● **What to do**
Some entries follow. Reproduce exactly the lines starting at the one with "Definition dotv (u" and stopping after the one with "mobius_comp (S : gsphere)".

[Dataset content Boundary: Start]

(* Let $\tau$ be a pure parabolic isometry of $\mathbb{H}^4$ with fixed point $v\in\widehat{\mathbb{R}^3}$. Then a circle $c$ in $\widehat{\mathbb{R}^3}$ satisfies $v\in c\subset h$ for some $h\in\mathcal{F}_\tau$ if and only if $c\in\mathcal{K}_\tau$.
   Context: Identify $\partial\mathbb{H}^4$ with $\widehat{\mathbb{R}^3}=\mathbb{R}^3\cup\{\infty\}$; circles include Euclidean lines with $\infty$ added. A pure parabolic isometry is a composition of reflections in two hyperplanes tangent at a unique point at infinity. After conjugation by a Möbius map $\phi$ sending $v$ to $\infty$, its boundary action is $x\mapsto x+b$ with $b\neq0$. The permuted pencil $\mathcal{F}_\tau$ is the image under $\phi^{-1}$ of the set of Euclidean planes orthogonal to $b$ (with $\infty$ added). The invariant pencil $\mathcal{T}_\tau$ is the image under $\phi^{-1}$ of the set of Euclidean planes parallel to $b$ (with $\infty$ added). The half-turn bank is $\mathcal{K}_\tau=\{s\cap t: s\in\mathcal{F}_\tau,\ t\in\mathcal{T}_\tau\}$. *)

From HB Require Import structures.
From mathcomp Require Import all_boot all_order all_algebra.
From mathcomp Require Import boolp classical_sets reals.

Set Implicit Arguments.
Unset Strict Implicit.
Unset Printing Implicit Defensive.

Import Order.TTheory GRing.Theory Num.Theory.
Local Open Scope ring_scope.
Local Open Scope classical_set_scope.

Section Defs.
Variable R : realType.

Definition vec := 'rV[R]_3.
Definition dotv (u w : vec) : R := (u *m w^T) 0 0.
Definition sqnorm (u : vec) : R := dotv u u.

Inductive ext := Fin of vec | Infty.

(* Generalized spheres of \hat{R^3} (= boundaries of hyperplanes of H^4):
   Euclidean spheres with centre c and squared radius r2 > 0, and
   Euclidean planes {x | a . x = d} (a <> 0) with oo added. *)
Inductive gsphere := GSph of vec & R | GPln of vec & R.

Definition gsphere_valid (S : gsphere) : Prop :=
  match S with
  | GSph _ r2 => 0 < r2
  | GPln a _ => a <> 0
  end.

Definition gsphere_set (S : gsphere) : set ext :=
  match S with
  | GSph c r2 => [set y | exists x, y = Fin x /\ sqnorm (x - c) = r2]
  | GPln a d => [set y | y = Infty \/ exists x, y = Fin x /\ dotv a x = d]
  end.

(* Boundary action of the reflection of H^4 in the hyperplane bounded by S:
   inversion in a sphere, Euclidean reflection in a plane (fixing oo). *)
Definition gsphere_refl (S : gsphere) (y : ext) : ext :=
  match S with
  | GSph c r2 =>
      match y with
      | Infty => Fin c
      | Fin x => if x == c then Infty
                 else Fin (c + (r2 / sqnorm (x - c)) *: (x - c))
      end
  | GPln a d =>
      match y with
      | Infty => Infty
      | Fin x => Fin (x - ((2 * (dotv a x - d)) / sqnorm a) *: a)
      end
  end.

Inductive mobius : (ext -> ext) -> Prop :=
  | mobius_id : mobius id
  | mobius_comp (S : gsphere) (f : ext -> ext) :
      gsphere_valid S -> mobius f -> mobius (gsphere_refl S \o f).

(* Pure parabolic isometry (boundary action): the composition of the
   reflections in two hyperplanes tangent at a unique point at infinity,
   i.e. two distinct generalized spheres meeting in exactly one point. *)
Definition pure_parabolic (tau : ext -> ext) : Prop :=
  exists S1 S2 : gsphere,
    [/\ gsphere_valid S1, gsphere_valid S2,
        gsphere_set S1 <> gsphere_set S2,
        (exists p, gsphere_set S1 `&` gsphere_set S2 = [set p]) &
        tau = gsphere_refl S1 \o gsphere_refl S2].

(* Circles of \hat{R^3}: Euclidean circles (centre p, plane normal n,
   squared radius r2 > 0) and Euclidean lines with oo added. *)
Definition is_circle (C : set ext) : Prop :=
  (exists (p n : vec) (r2 : R), n <> 0 /\ 0 < r2 /\
     C = [set y | exists x, y = Fin x /\ dotv (x - p) n = 0
                                     /\ sqnorm (x - p) = r2])
  \/ (exists p d : vec, d <> 0 /\
     C = [set y | y = Infty \/ exists t : R, y = Fin (p + t *: d)]).

Definition ext_plane (a : vec) (d : R) : set ext :=
  [set y | y = Infty \/ exists x, y = Fin x /\ dotv a x = d].

(* Given phi (Moebius, sending the fixed point v to oo) and the translation
   vector b of phi o tau o phi^-1, the permuted pencil, the invariant
   pencil and the half-turn bank.  The image of a set under phi^-1 is its
   preimage under phi. *)
Definition permuted_pencil (phi : ext -> ext) (b : vec) : set (set ext) :=
  [set h | exists d : R, h = phi @^-1` ext_plane b d].

Definition invariant_pencil (phi : ext -> ext) (b : vec) : set (set ext) :=
  [set h | exists (a : vec) (d : R),
      a <> 0 /\ dotv a b = 0 /\ h = phi @^-1` ext_plane a d].

Definition half_turn_bank (phi : ext -> ext) (b : vec) : set (set ext) :=
  [set k | exists s t, permuted_pencil phi b s /\ invariant_pencil phi b t
                       /\ k = s `&` t].

Definition ext_transl (b : vec) (y : ext) : ext :=
  match y with Fin x => Fin (x + b) | Infty => Infty end.

End Defs.

(* Generalized spheres of \hat{R^3} are the zero sets of
   alpha |x|^2 + w.x + gamma, and a Moebius map acts on the coefficients
   (alpha, w, gamma) by a similarity of the Lorentz form |w|^2 - 4 alpha gamma;
   a circle is cut out by two coefficient vectors with positive definite Gram
   matrix.  Once phi sends v to oo, a circle through v becomes a Euclidean line,
   the meet of two planes with normals w1, w2 and w1 x w2 <> 0.  If this line
   lies in a plane b.x = d, then b is orthogonal to the direction w1 x w2, so
   the plane through the line with normal a = b x (w1 x w2), which is
   orthogonal to b, exhibits the line as a member of the half-turn bank.
   Conversely, every plane of either pencil contains oo = phi v. *)

From HB Require Import structures.
From mathcomp Require Import all_boot all_order all_algebra.
From mathcomp Require Import boolp classical_sets reals.
From mathcomp Require Import ring lra.

Set Implicit Arguments.
Unset Strict Implicit.
Unset Printing Implicit Defensive.

Import Order.TTheory GRing.Theory Num.Theory.
Local Open Scope ring_scope.
Local Open Scope classical_set_scope.

Section HalfTurnBank.
Variable R : realType.
Implicit Types (u v w x b : vec R).

Definition i0 : 'I_3 := @Ordinal 3 0 isT.
Definition i1 : 'I_3 := @Ordinal 3 1 isT.
Definition i2 : 'I_3 := @Ordinal 3 2 isT.

Lemma dotvE u w : dotv u w = u 0 i0 * w 0 i0 + u 0 i1 * w 0 i1 + u 0 i2 * w 0 i2.
Proof.
rewrite /dotv mxE !big_ord_recl big_ord0 !mxE addr0 addrA.
have -> : lift ord0 ord0 = i1 :> 'I_3 by apply/val_inj.
have -> : lift ord0 (lift ord0 ord0) = i2 :> 'I_3 by apply/val_inj.
by have -> : ord0 = i0 :> 'I_3 by apply/val_inj.
Qed.

Lemma vec3P u w : u 0 i0 = w 0 i0 -> u 0 i1 = w 0 i1 -> u 0 i2 = w 0 i2 -> u = w.
Proof.
move=> E0 E1 E2; apply/rowP => -[[|[|[|k]]] lt_k3] //.
- by rewrite (_ : Ordinal lt_k3 = i0) //; apply/val_inj.
- by rewrite (_ : Ordinal lt_k3 = i1) //; apply/val_inj.
- by rewrite (_ : Ordinal lt_k3 = i2) //; apply/val_inj.
Qed.

Definition cross u v : vec R := locked (\row_(i < 3)
  (if val i == 0%N then u 0 i1 * v 0 i2 - u 0 i2 * v 0 i1
   else if val i == 1%N then u 0 i2 * v 0 i0 - u 0 i0 * v 0 i2
   else u 0 i0 * v 0 i1 - u 0 i1 * v 0 i0)).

[Dataset content Boundary: End]

● **Exercise output**
Definition dotv (u w : vec) : R := (u *m w^T) 0 0.
Definition sqnorm (u : vec) : R := dotv u u.

Inductive ext := Fin of vec | Infty.

(* Generalized spheres of \hat{R^3} (= boundaries of hyperplanes of H^4):
   Euclidean spheres with centre c and squared radius r2 > 0, and
   Euclidean planes {x | a . x = d} (a <> 0) with oo added. *)
Inductive gsphere := GSph of vec & R | GPln of vec & R.

Definition gsphere_valid (S : gsphere) : Prop :=
  match S with
  | GSph _ r2 => 0 < r2
  | GPln a _ => a <> 0
  end.

Definition gsphere_set (S : gsphere) : set ext :=
  match S with
  | GSph c r2 => [set y | exists x, y = Fin x /\ sqnorm (x - c) = r2]
  | GPln a d => [set y | y = Infty \/ exists x, y = Fin x /\ dotv a x = d]
  end.

(* Boundary action of the reflection of H^4 in the hyperplane bounded by S:
   inversion in a sphere, Euclidean reflection in a plane (fixing oo). *)
Definition gsphere_refl (S : gsphere) (y : ext) : ext :=
  match S with
  | GSph c r2 =>
      match y with
      | Infty => Fin c
      | Fin x => if x == c then Infty
                 else Fin (c + (r2 / sqnorm (x - c)) *: (x - c))
      end
  | GPln a d =>
      match y with
      | Infty => Infty
      | Fin x => Fin (x - ((2 * (dotv a x - d)) / sqnorm a) *: a)
      end
  end.

Inductive mobius : (ext -> ext) -> Prop :=
  | mobius_id : mobius id
  | mobius_comp (S : gsphere) (f : ext -> ext) :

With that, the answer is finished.